## Exercise goal
Here are some records. Repeat them all exactly.

====== Source records ======

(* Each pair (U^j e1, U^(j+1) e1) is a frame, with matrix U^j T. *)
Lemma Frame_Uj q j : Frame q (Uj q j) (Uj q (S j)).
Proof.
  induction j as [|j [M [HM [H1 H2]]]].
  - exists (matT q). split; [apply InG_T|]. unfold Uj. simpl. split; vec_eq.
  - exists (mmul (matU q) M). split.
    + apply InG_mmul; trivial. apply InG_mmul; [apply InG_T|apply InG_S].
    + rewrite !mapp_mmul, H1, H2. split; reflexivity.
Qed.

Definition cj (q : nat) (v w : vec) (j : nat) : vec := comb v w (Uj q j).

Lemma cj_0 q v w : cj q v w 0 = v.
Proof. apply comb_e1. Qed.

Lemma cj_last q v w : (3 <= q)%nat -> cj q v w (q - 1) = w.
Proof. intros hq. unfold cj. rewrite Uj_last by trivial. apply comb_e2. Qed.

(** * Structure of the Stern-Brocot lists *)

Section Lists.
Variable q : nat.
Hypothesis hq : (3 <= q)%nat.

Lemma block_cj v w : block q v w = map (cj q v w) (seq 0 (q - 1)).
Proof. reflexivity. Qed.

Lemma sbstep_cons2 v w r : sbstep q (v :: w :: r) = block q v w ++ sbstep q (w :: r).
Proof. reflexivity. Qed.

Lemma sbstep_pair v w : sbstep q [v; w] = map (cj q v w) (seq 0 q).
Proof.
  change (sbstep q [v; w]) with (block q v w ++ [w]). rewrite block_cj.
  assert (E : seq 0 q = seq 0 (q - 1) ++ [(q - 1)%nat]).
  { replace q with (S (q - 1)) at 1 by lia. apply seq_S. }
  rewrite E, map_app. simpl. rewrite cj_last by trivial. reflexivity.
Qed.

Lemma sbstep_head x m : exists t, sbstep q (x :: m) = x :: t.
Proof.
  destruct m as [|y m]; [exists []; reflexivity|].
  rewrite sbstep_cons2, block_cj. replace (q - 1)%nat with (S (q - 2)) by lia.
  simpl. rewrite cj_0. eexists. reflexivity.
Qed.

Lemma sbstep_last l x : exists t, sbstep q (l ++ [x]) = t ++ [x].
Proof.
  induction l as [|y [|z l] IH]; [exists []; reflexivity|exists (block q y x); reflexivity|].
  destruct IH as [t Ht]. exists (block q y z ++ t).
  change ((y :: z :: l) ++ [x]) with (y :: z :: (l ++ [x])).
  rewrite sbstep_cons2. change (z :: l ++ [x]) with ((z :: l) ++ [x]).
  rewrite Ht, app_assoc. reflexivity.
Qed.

======

## Finished task
(* Each pair (U^j e1, U^(j+1) e1) is a frame, with matrix U^j T. *)
Lemma Frame_Uj q j : Frame q (Uj q j) (Uj q (S j)).
Proof.
  induction j as [|j [M [HM [H1 H2]]]].
  - exists (matT q). split; [apply InG_T|]. unfold Uj. simpl. split; vec_eq.
  - exists (mmul (matU q) M). split.
    + apply InG_mmul; trivial. apply InG_mmul; [apply InG_T|apply InG_S].
    + rewrite !mapp_mmul, H1, H2. split; reflexivity.
Qed.

Definition cj (q : nat) (v w : vec) (j : nat) : vec := comb v w (Uj q j).

Lemma cj_0 q v w : cj q v w 0 = v.
Proof. apply comb_e1. Qed.

Lemma cj_last q v w : (3 <= q)%nat -> cj q v w (q - 1) = w.
Proof. intros hq. unfold cj. rewrite Uj_last by trivial. apply comb_e2. Qed.

(** * Structure of the Stern-Brocot lists *)

Section Lists.
Variable q : nat.
Hypothesis hq : (3 <= q)%nat.

Lemma block_cj v w : block q v w = map (cj q v w) (seq 0 (q - 1)).
Proof. reflexivity. Qed.

Lemma sbstep_cons2 v w r : sbstep q (v :: w :: r) = block q v w ++ sbstep q (w :: r).
Proof. reflexivity. Qed.

Lemma sbstep_pair v w : sbstep q [v; w] = map (cj q v w) (seq 0 q).
Proof.
  change (sbstep q [v; w]) with (block q v w ++ [w]). rewrite block_cj.
  assert (E : seq 0 q = seq 0 (q - 1) ++ [(q - 1)%nat]).
  { replace q with (S (q - 1)) at 1 by lia. apply seq_S. }
  rewrite E, map_app. simpl. rewrite cj_last by trivial. reflexivity.
Qed.

Lemma sbstep_head x m : exists t, sbstep q (x :: m) = x :: t.
Proof.
  destruct m as [|y m]; [exists []; reflexivity|].
  rewrite sbstep_cons2, block_cj. replace (q - 1)%nat with (S (q - 2)) by lia.
  simpl. rewrite cj_0. eexists. reflexivity.
Qed.

Lemma sbstep_last l x : exists t, sbstep q (l ++ [x]) = t ++ [x].
Proof.
  induction l as [|y [|z l] IH]; [exists []; reflexivity|exists (block q y x); reflexivity|].
  destruct IH as [t Ht]. exists (block q y z ++ t).
  change ((y :: z :: l) ++ [x]) with (y :: z :: (l ++ [x])).
  rewrite sbstep_cons2. change (z :: l ++ [x]) with ((z :: l) ++ [x]).
  rewrite Ht, app_assoc. reflexivity.
Qed.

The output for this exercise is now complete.